WORK TO BE COMPLETED ▸
When the line containing "Lemma edistC u v : edist u v = edist v u." is found in the data below, copy it and each line after it through the line containing "dist_to x C y <= (edist (x y) (x c))%:E.", exactly and with no others.

RECORDS SUPPLIED ▸

Lemma minkowski_sum_sqr (R : rcfType) (I : finType) (a b : I -> R) :
  Num.sqrt (\sum_i (a i + b i) ^+ 2) <=
  Num.sqrt (\sum_i a i ^+ 2) + Num.sqrt (\sum_i b i ^+ 2).
Proof.
have sa_ge0 : 0 <= \sum_i a i ^+ 2 by apply: sumr_ge0 => i _; apply: sqr_ge0.
have sb_ge0 : 0 <= \sum_i b i ^+ 2 by apply: sumr_ge0 => i _; apply: sqr_ge0.
have expand : \sum_i (a i + b i) ^+ 2 =
    \sum_i a i ^+ 2 + \sum_i b i ^+ 2 + 2 * \sum_i a i * b i.
  by rewrite mulr_sumr -!big_split /=; apply: eq_bigr => i _; ring.
have cs :
    \sum_i a i * b i <= Num.sqrt (\sum_i a i ^+ 2) * Num.sqrt (\sum_i b i ^+ 2).
  rewrite -sqrtrM // (le_trans (ler_norm _)) // -sqrtr_sqr ler_wsqrtr //.
  exact: cauchy_schwarz.
rewrite -[leRHS]ger0_norm ?addr_ge0 ?sqrtr_ge0 // -sqrtr_sqr ler_wsqrtr //.
rewrite expand sqrrD !sqr_sqrtr //; lra.
Qed.

Section Euclidean.
Variables (R : realType) (d : nat).
Implicit Types u v w : 'rV[R]_d.

Lemma edist_ge0 u v : 0 <= edist u v.
Proof. exact: sqrtr_ge0. Qed.

Lemma edistC u v : edist u v = edist v u.
Proof.
by rewrite /edist; congr Num.sqrt; apply: eq_bigr => l _; rewrite -sqrrN opprB.
Qed.

Lemma edistxx u : edist u u = 0.
Proof. by rewrite /edist big1 ?sqrtr0 // => l _; rewrite subrr expr0n. Qed.

Lemma edist_triangle u v w : edist u w <= edist u v + edist v w.
Proof.
rewrite /edist (eq_bigr (fun l => (u 0 l - v 0 l + (v 0 l - w 0 l)) ^+ 2)).
  exact: minkowski_sum_sqr.
by move=> l _; rewrite addrA subrK.
Qed.

End Euclidean.

Section Centers.
Variables (R : realType) (d n : nat) (x : 'I_n -> 'rV[R]_d).
Local Open Scope ereal_scope.

Lemma dist_to_le (C : seq 'I_n) y c : c \in C ->
  dist_to x C y <= (edist (x y) (x c))%:E.
Proof. by move=> cC; rewrite /dist_to ge_bigmin_seq. Qed.

Lemma dist_to_le_exists (C : seq 'I_n) y r : dist_to x C y <= r%:E ->
  exists2 c, c \in C & (edist (x y) (x c) <= r)%R.
Proof.
elim: C => [|c C IH]; first by rewrite /dist_to big_nil leNgt ltry.
rewrite /dist_to big_cons ge_min => /orP[near_c|/IH[c' c'C near_c']].
  by exists c; rewrite ?mem_head // -lee_fin.
by exists c'; rewrite // in_cons c'C orbT.
Qed.

Lemma dist_to_subset (C C' : seq 'I_n) y : {subset C <= C'} ->
  dist_to x C' y <= dist_to x C y.
Proof.
move=> sCC'; rewrite [leRHS]/dist_to big_seq.
by apply: le_bigmin => [|c /sCC' cC']; [exact: leey | exact: dist_to_le].
Qed.

Lemma kradius_ge0 (C : {set 'I_n}) : 0 <= kradius x C.
Proof. exact: bigmax_ge_id. Qed.

Lemma kradius_fin_num (C : {set 'I_n}) : C != set0 -> kradius x C \is a fin_num.
Proof.
case/set0Pn=> c cC; rewrite ge0_fin_numE ?kradius_ge0 //.
apply: bigmax_lt => [|y _]; first exact: ltry.
apply: le_lt_trans (ltry (edist (x y) (x c))).
by apply: dist_to_le; rewrite mem_enum.
Qed.

Lemma kradius_le_cover (C : {set 'I_n}) r : kradius x C <= r%:E ->
  forall p, exists2 c, c \in C & (edist (x p) (x c) <= r)%R.
Proof.
move=> le_r p; have [c] := dist_to_le_exists (le_trans (le_bigmax _ _ p) le_r).
by rewrite mem_enum; exists c.
Qed.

REPLY ▸
Lemma edistC u v : edist u v = edist v u.
Proof.
by rewrite /edist; congr Num.sqrt; apply: eq_bigr => l _; rewrite -sqrrN opprB.
Qed.

Lemma edistxx u : edist u u = 0.
Proof. by rewrite /edist big1 ?sqrtr0 // => l _; rewrite subrr expr0n. Qed.

Lemma edist_triangle u v w : edist u w <= edist u v + edist v w.
Proof.
rewrite /edist (eq_bigr (fun l => (u 0 l - v 0 l + (v 0 l - w 0 l)) ^+ 2)).
  exact: minkowski_sum_sqr.
by move=> l _; rewrite addrA subrK.
Qed.

End Euclidean.

Section Centers.
Variables (R : realType) (d n : nat) (x : 'I_n -> 'rV[R]_d).
Local Open Scope ereal_scope.

Lemma dist_to_le (C : seq 'I_n) y c : c \in C ->
  dist_to x C y <= (edist (x y) (x c))%:E.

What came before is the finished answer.